The Dodd-Frank financial reform law passed in 2010 mandated that the Federal Reserve Board in Washington approve the choices of private businessmen, but the Board has yet to reject any suggested candidates. The board members who cited the financial crash as causing unemployment were appointed by the president and confirmed by the Senate.
The concept of having private business interests selecting public officials has been criticized by experts. As Wharton professor and author of “The Power and Independence of the Federal Reserve” Peter Conti-Brown put it, “It’s not clear at all that the opaque and obscure process by which the private sector selects the Reserve Bank presidents produces superior central bankers than the public process used to select the remaining principal officers of the United States.” This controversial selection process risks having, as he put it, “a system for enhancing the influence of certain slices of society on our central banking policy.

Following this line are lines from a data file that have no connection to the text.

Theorem proposition4 (C : numClosedFieldType) (N : nat) (Omega : 'I_N -> finType)
  (d : nat) (O : circuit C Omega d) :
  partition_circuit O -> positive_unital O ->
  POVM (fun x : assignment Omega => eval O x).
Proof.
move=> partO puO; split=> [x|]; first exact: eval_psdmx.
have uniqO : uniq (leaves O) by rewrite (perm_uniq partO) enum_uniq.
have leavesO k : k \in leaves O by rewrite (perm_mem partO) mem_enum.
have [[x] | [k Omega_k0]] := assignment_or_empty_factor Omega.
  rewrite -(sum_agree_off_leaves_eval x uniqO puO); apply: eq_bigl => y.
  by apply/esym/agree_offP => k; rewrite leavesO.
have d0 := positive_unital_dim0 (leavesO k) Omega_k0 puO.
by subst d; apply/matrixP => -[].
Qed.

Lacker and Lockhart are retiring this year. Advocates and experts are putting pressure on the Richmond Federal Reserve to replace retiring Reserve Bank Presidents with someone more attuned to the reality of unemployment. Fed Up, a coalition of advocates seeking to shift the Fed from its traditionally pro-bank policies, is seeking to have the regional bank President’s picked with more attention to the needs of workers.
Jordan Haedtler, deputy campaign manager of Fed Up, lashed out at Lacker’s comments as related in the newly released transcripts. “Even nine years into the recovery, workers are still struggling to get the wages and hours they need,” Haedtler said. “Yet with unemployment above double digits in huge swaths of President Lacker’s district in 2011, he was citing anecdotes about drug use and desire to collect unemployment benefits as key reasons why employers weren’t hiring. Rather than looking for solutions and talking to people who were out of work, he was seeking excuses from employers.”

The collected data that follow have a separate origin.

(* Let $q=(q_1,q_2,q_3)\in K^3$. Define the linear map $\Gamma_q:\mathcal{H}_{\mathbb{T}}\to\mathbf{WQSym}$ by, for $\mathcal{T}\in\mathbb{T}_n$, $$\Gamma_q(\mathcal{T})=\sum_{f\in\mathcal{P}(\mathcal{T})}q_1^{\ell_1(f)}q_2^{\ell_2(f)}q_3^{\ell_3(f)}\,f(1)\ldots f(n).$$ Then $\Gamma_q$ is a homogeneous surjective Hopf algebra morphism from $(\mathcal{H}_{\mathbb{T}},.,\Delta)$ to $(\mathbf{WQSym},.,\Delta)$. Moreover $j\circ\Gamma_{(q_2,q_1,q_3)}=\Gamma_{(q_1,q_2,q_3)}\circ\iota$.
   Context: Let $K$ be a field; convention $0^0=1$. For $n\geq0$, $[n]=\{1,\ldots,n\}$, $\mathbb{T}_n$ is the set of topologies on $[n]$, $\mathcal{H}_{\mathbb{T}}$ the $K$-vector space with basis $\bigsqcup_n\mathbb{T}_n$, graded by $n$. For a topology $\mathcal{T}$ on finite $X$: $i\leq_{\mathcal{T}}j$ iff every open set containing $i$ contains $j$; $i\sim_{\mathcal{T}}j$ iff $i\leq_{\mathcal{T}}j$ and $j\leq_{\mathcal{T}}i$; $i<_{\mathcal{T}}j$ iff $i\leq_{\mathcal{T}}j$ and not $j\leq_{\mathcal{T}}i$. $\mathcal{T}_{\mid Y}=\{O\cap Y\mid O\in\mathcal{T}\}$; for $X$ totally ordered of size $m$, $\mathrm{Std}(\mathcal{T})\in\mathbb{T}_m$ is the transport along the increasing bijection $X\to[m]$. Product on $\mathcal{H}_{\mathbb{T}}$: $\mathcal{T}.\mathcal{T}'$ ($\mathcal{T}\in\mathbb{T}_n,\mathcal{T}'\in\mathbb{T}_{n'}$) is the topology on $[n+n']$ with open sets $O\sqcup\{k+n\mid k\in O'\}$, $O\in\mathcal{T},O'\in\mathcal{T}'$; coproduct $\Delta(\mathcal{T})=\sum_{O\in\mathcal{T}}\mathrm{Std}(\mathcal{T}_{\mid[n]\setminus O})\otimes\mathrm{Std}(\mathcal{T}_{\mid O})$; $\iota(\mathcal{T})=\{X\setminus O\mid O\in\mathcal{T}\}$. $\mathbf{WQSym}$: a packed word of length $n$ is a word $f=f(1)\ldots f(n)$ of positive integers with $\{f(1),\ldots,f(n)\}=[\max f]$ (the empty word has $\max=0$). For a word $w$ of positive integers, $\mathrm{Pack}(w)$ is obtained by applying the unique increasing bijection from its set of letters onto some $[m]$; $w_{\mid I}$ is the subword of letters lying in $I$. $\mathbf{WQSym}$ has basis the packed words, product $f.f'=\sum f''$ over packed words $f''$ of length $n+n'$ with $\mathrm{Pack}(f''(1)\ldots f''(n))=f$ and $\mathrm{Pack}(f''(n+1)\ldots f''(n+n'))=f'$ ($n,n'$ the lengths of $f,f'$), and coproduct $\Delta(f)=\sum_{k=0}^{\max f}f_{\mid[k]}\otimes\mathrm{Pack}(f_{\mid\mathbb{N}_{>0}\setminus[k]})$; it is a graded (by length) Hopf algebra. $j$ is the linear involution sending a packed word $f$ to the word $(\max f+1-f(1))\ldots(\max f+1-f(n))$. A generalized T-partition of $\mathcal{T}\in\mathbb{T}_n$ is a surjection $f:[n]\to[p]$ (some $p\ge0$) such that $i\leq_{\mathcal{T}}j\Rightarrow f(i)\leq f(j)$, identified with the packed word $f(1)\ldots f(n)$; $\mathcal{P}(\mathcal{T})$ is their set. For $f\in\mathcal{P}(\mathcal{T})$: $\ell_1(f)=\sharp\{(i,j)\mid i<_{\mathcal{T}}j,\ i<j,\ f(i)=f(j)\}$; $\ell_2(f)=\sharp\{(i,j)\mid i<_{\mathcal{T}}j,\ i>j,\ f(i)=f(j)\}$; $\ell_3(f)=\sharp\{(i,j,k)\mid i<j<k,\ i\sim_{\mathcal{T}}k,\ \text{not } i\sim_{\mathcal{T}}j,\ \text{not } j\sim_{\mathcal{T}}k,\ f(i)=f(j)=f(k)\}$. *)

From HB Require Import structures.
From mathcomp Require Import all_boot all_order all_algebra.
Set Implicit Arguments. Unset Strict Implicit. Unset Printing Implicit Defensive.
Import GRing.Theory.
Local Open Scope ring_scope.

Definition is_topology (n : nat) (T : {set {set 'I_n}}) : bool :=
  [&& set0 \in T, setT \in T,
      [forall O1 in T, forall O2 in T, (O1 :|: O2) \in T] &
      [forall O1 in T, forall O2 in T, (O1 :&: O2) \in T]].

President Donald Trump has a number of vacancies on the Federal Reserve Board to fill as well. He has been highly critical of Federal Reserve Chair Janet Yellen. He argued, without citing evidence, that she pursued monetary policy goals to help support Barack Obama and elect Hillary Clinton. If Yellen and Tarullo follow custom and step down from their board slots in 2018, Trump could appoint a majority of Federal Reserve board members within two years.
Despite the importance of monetary policy, the Federal Reserve keeps the transcripts of internal deliberations of the committee that sets monetary policy out of public view for at least five years. But the people who attend those meetings take other jobs — some in the financial services industry. In 2010, incoming House Oversight Committee Chairman Darrell Issa questioned whether it was appropriate for the Fed to withhold its deliberations for so long. “If the Fed’s full transcripts can be released sooner, they should be,” he said.
The debate in the Fed and within Congress was ultimately resolved. The Federal Reserve kept interest rates low. And in 2011, a new wave of recently elected Tea Party Republicans and Democrats finally compromised on language to cut unemployment benefits.
Neither West Virginia senator, Shelley Moore Capito nor Joe Manchin, would comment on Lacker’s discussion of the West Virginia drug epidemic and its relationship to unemployment. The Appalachia region, including West Virginia, went strongly for Trump in the 2016 election.